Lemma hamming_eq0 g h : hamming g h = 0%N -> g = h.
Proof.
move/eqP; rewrite cards_eq0 => /eqP/setP eq_gh; apply/ffunP=> k.
by apply/eqP; move: (eq_gh k); rewrite !inE => /negbFE.
Qed.

Lemma hamming1P g h : hamming g h = 1%N -> exists i, h = flip i g.
Proof.
move/eqP/cards1P=> [i /setP diff_i]; exists i; apply/ffunP=> k.
by move: (diff_i k); rewrite !inE flipE; case: (k == i); case: (g k); case: (h k).
Qed.

Lemma hamming2P g h : hamming g h = 2%N ->
  exists i j, i != j /\ h = flip i (flip j g).
Proof.
move/eqP/cards2P=> [i [j [ij /setP diff_ij]]]; exists i, j; split=> //.
apply/ffunP=> k; apply/eqP; move: (diff_ij k); rewrite !inE -(flip2_neq g k ij).
by case: (g k); case: (h k); case: (flip _ _ k).
Qed.

Lemma even_geno_flip i g : even_geno (flip i g) = ~~ even_geno g.
Proof.
rewrite /even_geno negbK; case gi: (g i).
- have -> : [set k | flip i g k] = [set k | g k] :\ i.
    by apply/setP=> k; rewrite !inE flipE; case: (k =P i) => [->|_]; rewrite ?eqxx ?gi ?addbF ?orbF.
  by rewrite (cardsD1 i [set k | g k]) inE gi add1n /=.
- have -> : [set k | flip i g k] = i |: [set k | g k].
    by apply/setP=> k; rewrite !inE flipE; case: (k =P i) => [->|_]; rewrite ?eqxx ?gi ?addbF ?orbF.
  by rewrite cardsU1 inE gi /= add0n negbK.
Qed.

Lemma card_geno : #|{: geno L}| = (2 ^ L)%N.
Proof. by rewrite card_ffun card_bool card_ord. Qed.

Lemma card_geno_halves : (0 < L)%N -> #|{: geno L}| = (2 ^ L.-1 + 2 ^ L.-1)%N.
Proof. by move=> L_gt0; rewrite card_geno addnn -mul2n -expnS prednK. Qed.

Lemma card_flip_setC i (P : {set geno L}) : flip i @: P = ~: P -> #|P| = (2 ^ L.-1)%N.
Proof.
move=> flipP; have card_PC : #|~: P| = #|P| by rewrite -flipP card_imset //; exact: flip_inj.
have := cardsC P; rewrite card_PC card_geno_halves ?(leq_ltn_trans _ (ltn_ord i)) //.
by move: (2 ^ L.-1)%N => n; lia.
Qed.

Lemma card_setC_half (P : {set geno L}) : (0 < L)%N -> #|P| = (2 ^ L.-1)%N ->
  #|~: P| = (2 ^ L.-1)%N.
Proof.
move=> L_gt0 cardP; have := cardsC P; rewrite card_geno_halves // cardP.
by move: (2 ^ L.-1)%N => n; lia.
Qed.

Lemma card_even_geno i : #|[set g | even_geno g]| = (2 ^ L.-1)%N.
Proof.
apply: (@card_flip_setC i [set g | even_geno g]); apply/setP=> g; rewrite !inE; apply/imsetP/idP.
  by case=> h; rewrite inE => even_h ->; rewrite even_geno_flip even_h.
by move=> odd_g; exists (flip i g); rewrite ?flipK // inE even_geno_flip.
Qed.

Lemma face2P i j v x : i != j -> (forall k, k \notin [set i; j] -> x k = v k) ->
  [\/ x = v, x = flip i v, x = flip j v | x = flip i (flip j v)].
Proof.
move=> ij off_face.
have xE k : x k = v k (+) ((k == i) && (x i != v i)) (+) ((k == j) && (x j != v j)).
  case: (k =P i) => [->|/eqP ki]; first by rewrite (negbTE ij) addbF; case: (x i); case: (v i).
  case: (k =P j) => [->|/eqP kj]; first by case: (x j); case: (v j).
  by rewrite !addbF off_face // !inE negb_or ki kj.
case: (x i != v i) xE; case: (x j != v j) => xE;
  [apply: Or44 | apply: Or42 | apply: Or43 | apply: Or41];
  by apply/ffunP => k; rewrite xE ?flipE ?andbT ?andbF ?addbF // addbAC.
Qed.

Lemma flip2_off_face i j v k : k \notin [set i; j] -> flip i (flip j v) k = v k.
Proof. by rewrite !inE negb_or !flipE => /andP[/negbTE-> /negbTE->]; rewrite !addbF. Qed.

Lemma mem_corner v : v \in corner v.
Proof. by rewrite !inE eqxx. Qed.

Lemma mem_corner_flip i v : flip i v \in corner v.
Proof. by rewrite !inE hamming_flip eqxx orbT. Qed.

End Cube.
(* Let $(V,E,d)$ be a multi-weighted game graph and $v\in V$. If the value of the mean-payoff game $\mathrm{MP}(V,E^{(1)})$ at $v$ is non-negative, then every positional optimal strategy of Player 1 (Max) in $\mathrm{MP}(V,E^{(1)})$ is winning for Player 1 from $v$ in the lexicographic energy game $\mathrm{LexEn}(V,E,d)$. If the value at $v$ is negative, then every positional optimal strategy of Player 2 (Min) in $\mathrm{MP}(V,E^{(1)})$ is winning for Player 2 from $v$ in $\mathrm{LexEn}(V,E,d)$.
   Context: A multi-weighted game graph is a tuple $(V,E,d)$ where $d\ge1$, $V=V_1\uplus V_2$ is a finite vertex set (Player 1 and Player 2 vertices), and $E\subseteq V\times\mathbb Z^d\times V$ is a finite set of edges $v\xrightarrow{\vec w}v'$, every vertex having an outgoing edge; players strictly alternate, edge weights are determined by endpoints, and not all weights are zero. Plays are infinite paths $v_0\xrightarrow{\vec w_1}v_1\cdots$; strategies map finite paths ending in a player's vertex to an outgoing edge; positional strategies depend only on the last vertex; a strategy is winning from $v$ if all plays from $v$ consistent with it are won. In $\mathrm{LexEn}(V,E,d)$, a play is won by Player 2 if there exists $1\le k\le d$ with $\limsup_n\sum_{j\le n}\vec w_j(k)=-\infty$ and $\liminf_n\sum_{j\le n}\vec w_j(\ell)<+\infty$ for all $\ell<k$; otherwise by Player 1. The weighted edge set $E^{(1)}$: define $E^{(d)}$ giving edge $v\xrightarrow{\vec w}v'$ weight $r_d=\vec w(d)$, and for $i=d-1,\dots,1$, $E^{(i)}$ giving it weight $r_i=\vec w(i)(|V|\cdot\|E^{(i+1)}\|+1)+r_{i+1}$, with $\|E^{(i+1)}\|$ the maximal absolute weight in $E^{(i+1)}$. The mean-payoff game $\mathrm{MP}(V,E^{(1)})$ is played on the same vertices with these integer weights; on a play with weights $u_1,u_2,\dots$, Max (Player 1) gains $\liminf_n(u_1+\dots+u_n)/n$ and Min (Player 2) loses $\limsup_n(u_1+\dots+u_n)/n$. Optimal strategies are those guaranteeing at least as good a payoff as any other strategy; positional optimal strategies exist for both players and yield a common value at each initial vertex. *)

From HB Require Import structures.
From mathcomp Require Import all_boot all_order all_algebra.
Set Implicit Arguments. Unset Strict Implicit. Unset Printing Implicit Defensive.
Import Order.TTheory GRing.Theory Num.Theory.
Local Open Scope ring_scope.
Lemma lmulX_right_mul c' p k :
  \sum_i (lmulX c' p i \mPo right_emb K n) * \sum_t (c t i k)%:MP * xL t
  = bilinX (fun t s => \sum_i c' p s i * c t i k).
Proof.
under eq_bigr => i _ do rewrite lmulXE rmorph_sum.
under eq_bigr => i _ do under eq_bigr => s _ do
  rewrite rmorphM /= comp_mpolyC comp_mpolyXU -tnth_nth tnth_map tnth_ord_tuple.
by rewrite sum_mul_linX bilinX_tr.
Qed.

Lemma lmulX_mult_map c' p k :
  lmulX c' p k \mPo mult_map c = bilinX (fun s j => \sum_t c s j t * c' p t k).
Proof.
rewrite lmulXE rmorph_sum.
transitivity (\sum_t \sum_s \sum_j (c s j t * c' p t k)%:MP * xL s * xR j).
  apply: eq_bigr => t _; rewrite rmorphM /= comp_mpolyC comp_mpolyXU -tnth_nth.
  rewrite tnth_mult_map mulr_sumr; apply: eq_bigr => s _.
  by rewrite mulr_sumr; apply: eq_bigr => j _; rewrite rmorphM /=; ring.
rewrite exchange_big /=; apply: eq_bigr => s _; rewrite exchange_big /=.
by apply: eq_bigr => j _; rewrite rmorph_sum !mulr_suml.
Qed.

Variable r : 'M[K]_n.

Lemma rbivector_comp k (t : n.-tuple {mpoly K[k]}) i j : rbivector c r i j \mPo t =
  \sum_p \sum_q (r p q)%:MP * ((lmulX c p i \mPo t) * (lmulX c q j \mPo t)
     - (lmulX (sc_op c) p i \mPo t) * (lmulX (sc_op c) q j \mPo t)).
Proof.
rewrite rmorph_sum; apply: eq_bigr => p _; rewrite rmorph_sum; apply: eq_bigr => q _.
by rewrite rmorphM rmorphB /= !rmorphM /= comp_mpolyC.
Qed.

Lemma sum_rquad_mul (u v : 'I_n -> 'I_n -> {mpoly K[n + n]}) (w z : 'I_n -> {mpoly K[n + n]}) :
  \sum_i \sum_j (\sum_p \sum_q (r p q)%:MP * (u p i * u q j - v p i * v q j)) * w i * z j
  = \sum_p \sum_q (r p q)%:MP * ((\sum_i u p i * w i) * (\sum_j u q j * z j)
      - (\sum_i v p i * w i) * (\sum_j v q j * z j)).
Proof.
transitivity (\sum_i \sum_j \sum_p \sum_q
    (r p q)%:MP * (u p i * u q j - v p i * v q j) * w i * z j).
  apply: eq_bigr => i _; apply: eq_bigr => j _; rewrite !mulr_suml.
  by apply: eq_bigr => p _; rewrite !mulr_suml.
under eq_bigr => i _ do rewrite exchange_big /=.
rewrite exchange_big /=; apply: eq_bigr => p _.
under eq_bigr => i _ do rewrite exchange_big /=.
rewrite exchange_big /=; apply: eq_bigr => q _.
rewrite !mulr_suml -sumrB mulr_sumr; apply: eq_bigr => i _.
by rewrite !mulr_sumr -sumrB mulr_sumr; apply: eq_bigr => j _; ring.
Qed.

Hypothesis assoc : sc_assoc c.
Lemma clos_rt_exit R P a b : crt R a b -> P a -> ~ P b ->
  exists a1 b1, crt R a a1 /\ R a1 b1 /\ P a1 /\ ~ P b1.
Proof.
  intro H. apply clos_rt_rt1n in H. induction H as [x|x y z Hxy Hyz IH]; intros Ha Hb.
  - contradiction.
  - destruct (classic (P y)) as [Hy|Hy].
    + destruct (IH Hy Hb) as (a1 & b1 & H1 & H2 & H3 & H4). exists a1, b1.
      split; [eapply rt_trans; [apply rt_step; exact Hxy|exact H1]|auto].
    + exists x, y. repeat split; auto. apply rt_refl.
Qed.

Lemma clos_rt_first_step R a u : crt R a u -> a <> u ->
  exists z, R a z /\ crt (fun p q => R p q /\ p <> a /\ q <> a) z u.
Proof.
  intros H. apply clos_rt_rtn1 in H. induction H as [|u' u Hr H IH]; intros Hne.
  - congruence.
  - destruct (classic (u' = a)) as [->|Hne'].
    + exists u; split; [exact Hr|apply rt_refl].
    + destruct (IH (not_eq_sym Hne')) as (z & Hz & Hc). exists z; split; [exact Hz|].
      eapply rt_trans; [exact Hc|apply rt_step; auto].
Qed.

Lemma clos_rt_in_reach R d u : crt R d u ->
  crt (fun a b => R a b /\ crt R d a /\ crt R d b) d u.
Proof.
  intros H. apply clos_rt_rtn1 in H. induction H as [|y z Hyz H IH].
  - apply rt_refl.
  - assert (Hy : crt R d y) by (apply clos_rtn1_rt; exact H).
    eapply rt_trans; [exact IH|apply rt_step; repeat split; auto].
    eapply rt_trans; [exact Hy|apply rt_step; exact Hyz].
Qed.

Lemma last_cons_default (a b : A) l : last (b :: l) a = last l b.
Proof.
  revert a b; induction l as [|c l IH]; intros a b; [reflexivity|].
  change (last (c :: l) a = last (c :: l) b). rewrite !IH. reflexivity.
Qed.

Lemma walk_app R a l1 l2 :
  walk A R a (l1 ++ l2) <-> walk A R a l1 /\ walk A R (last l1 a) l2.
Proof.
  revert a; induction l1 as [|y l IH]; intros a; cbn [app walk]; [tauto|].
  rewrite IH, last_cons_default. tauto.
Qed.

Lemma walk_mono R S a l : (forall x y, R x y -> S x y) -> walk A R a l -> walk A S a l.
Proof.
  intros HRS; revert a; induction l as [|y l IH]; intros a Hw; simpl in *; [exact I|].
  destruct Hw; split; auto.
Qed.

Lemma walk_target R a l v : walk A R a l -> In v l -> exists u, R u v.
Proof.
  revert a; induction l as [|y l IH]; intros a Hw Hin; simpl in *; [contradiction|].
  destruct Hw as [H1 H2]. destruct Hin as [->|Hin]; eauto.
Qed.

Lemma walk_restrict R P a l : walk A R a l -> P a -> (forall v, In v l -> P v) ->
  crt (fun x y => R x y /\ P x /\ P y) a (last l a).
Proof.
  revert a; induction l as [|y l IH]; intros a Hw Ha Hl; cbn [walk In] in *; [apply rt_refl|].
  destruct Hw as [H1 H2]. rewrite last_cons_default.
  apply rt_trans with y; [apply rt_step; auto|]. apply IH; auto.
Qed.

Lemma clos_rt_simple_walk R a b : crt R a b ->
  exists l, walk A R a l /\ last l a = b /\ NoDup (a :: l).
Proof.
  intros H; apply clos_rt_rtn1 in H; induction H as [|y z Hyz H IH].
  - exists []; repeat split; repeat constructor; simpl; tauto.
  - destruct IH as (l & Hw & Hl & Hn).
    destruct (classic (In z (a :: l))) as [[Hin|Hin]|Hin].
    + subst z. exists []; repeat split; repeat constructor; simpl; tauto.
    + apply in_split in Hin. destruct Hin as (l1 & l2 & ->).
      apply walk_app in Hw. destruct Hw as [Hw1 Hw2].
      exists (l1 ++ [z]). repeat split.
      * apply walk_app. simpl in Hw2 |- *. tauto.
      * apply last_last.
      * apply (NoDup_app_remove_r _ l2). rewrite app_comm_cons, <- app_assoc. exact Hn.
    + exists (l ++ [z]). repeat split.
      * apply walk_app. rewrite Hl. simpl; auto.
      * apply last_last.
      * rewrite app_comm_cons. apply NoDup_app; [exact Hn|repeat constructor; simpl; tauto|].
        intros v Hv [<-|[]]. contradiction.
Qed.

Fixpoint walk_edges (a : A) (l : list A) : list (A * A) :=
  match l with [] => [] | b :: t => (a, b) :: walk_edges b t end.

Lemma walk_edges_target a l u v : In (u, v) (walk_edges a l) -> In v l.
Proof.
  revert a; induction l as [|y l IH]; intros a H; simpl in *; [contradiction|].
  destruct H as [H|H]; [injection H as -> ->; left; reflexivity|right; eapply IH; eauto].
Qed.

Lemma walk_exit R P a l : walk A R a l -> P a -> ~ P (last l a) ->
  exists u v, In (u, v) (walk_edges a l) /\ R u v /\ P u /\ ~ P v.
Proof.
  revert a; induction l as [|y l IH]; intros a Hw Ha Hl; cbn [walk In] in *; [contradiction|].
  destruct Hw as [H1 H2]. rewrite last_cons_default in Hl.
  destruct (classic (P y)) as [Hy|Hy].
  - destruct (IH y H2 Hy Hl) as (u & v & ? & ? & ? & ?). exists u, v; split; [right|]; auto.
  - exists a, y; split; [left|]; auto.
Qed.

Lemma list_prefix_or_diverge (w w' : list A) :
  w = w' \/ (exists t s, w' = w ++ t :: s) \/ (exists t s, w = w' ++ t :: s) \/
  exists p t t' s s', t <> t' /\ w = p ++ t :: s /\ w' = p ++ t' :: s'.
Proof.
  revert w'; induction w as [|t w IH]; intros [|t' w'].
  - left; reflexivity.
  - right; left; exists t', w'; reflexivity.
  - right; right; left; exists t, w; reflexivity.
  - destruct (classic (t = t')) as [<-|Hne].
    + destruct (IH w') as [->|[(u & s & ->)|[(u & s & ->)|(p & u & u' & s & s' & Hu & -> & ->)]]].
      * left; reflexivity.
      * right; left; exists u, s; reflexivity.
      * right; right; left; exists u, s; reflexivity.
      * right; right; right; exists (t :: p), u, u', s, s'; auto.
    + right; right; right; exists [], t, t', w, w'; auto.
Qed.

End Relations.

Section Trees.
Variable V : Type.
Variable adj : V -> V -> Prop.
Hypothesis adj_sym : forall x y, adj x y -> adj y x.
Hypothesis adj_irrefl : forall x, ~ adj x x.
Hypothesis acyclic : ~ has_cycle V adj.
Hypothesis adj_connected : connected V adj.
Notation crt := (clos_refl_trans V).

Definition avoid_edge (p q a b : V) : Prop :=
  adj a b /\ ~ (a = p /\ b = q) /\ ~ (a = q /\ b = p).

Definition branch (p q v : V) : Prop := crt (avoid_edge p q) q v.

Lemma avoid_edge_sym p q a b : avoid_edge p q a b -> avoid_edge p q b a.
Proof. intros (H1 & H2 & H3); repeat split; auto; intros [-> ->]; tauto. Qed.

Lemma avoid_edge_comm p q a b : avoid_edge p q a b -> avoid_edge q p a b.
Proof. unfold avoid_edge; tauto. Qed.

Lemma branch_not_tail p q : adj p q -> ~ branch p q p.
Proof.
  intros Hpq H. apply acyclic.
  apply clos_rt_sym in H; [|apply avoid_edge_sym].
  destruct (clos_rt_first_step _ _ _ H) as (z & (Hz & Hzq & _) & Hc).
  { intros ->; exact (adj_irrefl _ Hpq). }
  destruct (clos_rt_simple_walk _ _ _ Hc) as (l & Hw & Hl & Hn).
  assert (Hzq' : z <> q) by (intros ->; tauto).
  exists p, (z :: l). repeat split.
  - constructor; [|exact Hn]. intros [->|Hin]; [exact (adj_irrefl _ Hz)|].
    destruct (walk_target _ _ _ _ Hw Hin) as (u & _ & _ & Hu). congruence.
  - destruct l as [|w l]; [simpl in Hl; congruence|simpl; auto with arith].
  - exact Hz.
  - eapply walk_mono; [|exact Hw]. intros a b H0; exact (proj1 (proj1 H0)).
  - rewrite last_cons_default, Hl. apply adj_sym; exact Hpq.
Qed.

Lemma branch_entry p q a b : adj a b -> ~ branch p q a -> branch p q b -> a = p /\ b = q.
Proof.
  intros Hab Ha Hb. apply NNPP; intros Hpq. apply Ha.
  destruct (classic (a = q /\ b = p)) as [[-> ->]|Hqp]; [apply rt_refl|].
  eapply rt_trans; [exact Hb|]. apply rt_step. apply avoid_edge_sym. repeat split; auto.
Qed.

Lemma branch_exit p q a b : adj a b -> branch p q a -> ~ branch p q b -> a = q /\ b = p.
Proof. intros Hab Ha Hb. destruct (branch_entry p q b a (adj_sym _ _ Hab) Hb Ha); auto. Qed.

Lemma path_enters_branch S p q u w : (forall a b, S a b -> adj a b) ->
  crt S u w -> ~ branch p q u -> branch p q w -> crt S u p /\ S p q.
Proof.
  intros HS Huw Hu Hw.
  destruct (clos_rt_exit S (fun v => ~ branch p q v) u w Huw Hu (fun H => H Hw))
    as (a & b & Hua & Hab & Ha & Hb).
  apply NNPP in Hb. destruct (branch_entry p q a b (HS _ _ Hab) Ha Hb) as [-> ->]. auto.
Qed.

Lemma path_leaves_branch S p q u w : (forall a b, S a b -> adj a b) ->
  crt S u w -> branch p q u -> ~ branch p q w -> crt S u q /\ S q p.
Proof.
  intros HS Huw Hu Hw.
  destruct (clos_rt_exit S (branch p q) u w Huw Hu Hw) as (a & b & Hua & Hab & Ha & Hb).
  destruct (branch_exit p q a b (HS _ _ Hab) Ha Hb) as [-> ->]. auto.
Qed.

» YOUR ASSIGNMENT
Reproduce verbatim the lines above, from the line with "Section Trees." through the line with "Definition branch (p".

» OUTPUT FOR THIS TASK
Section Trees.
Variable V : Type.
Variable adj : V -> V -> Prop.
Hypothesis adj_sym : forall x y, adj x y -> adj y x.
Hypothesis adj_irrefl : forall x, ~ adj x x.
Hypothesis acyclic : ~ has_cycle V adj.
Hypothesis adj_connected : connected V adj.
Notation crt := (clos_refl_trans V).

Definition avoid_edge (p q a b : V) : Prop :=
  adj a b /\ ~ (a = p /\ b = q) /\ ~ (a = q /\ b = p).

Definition branch (p q v : V) : Prop := crt (avoid_edge p q) q v.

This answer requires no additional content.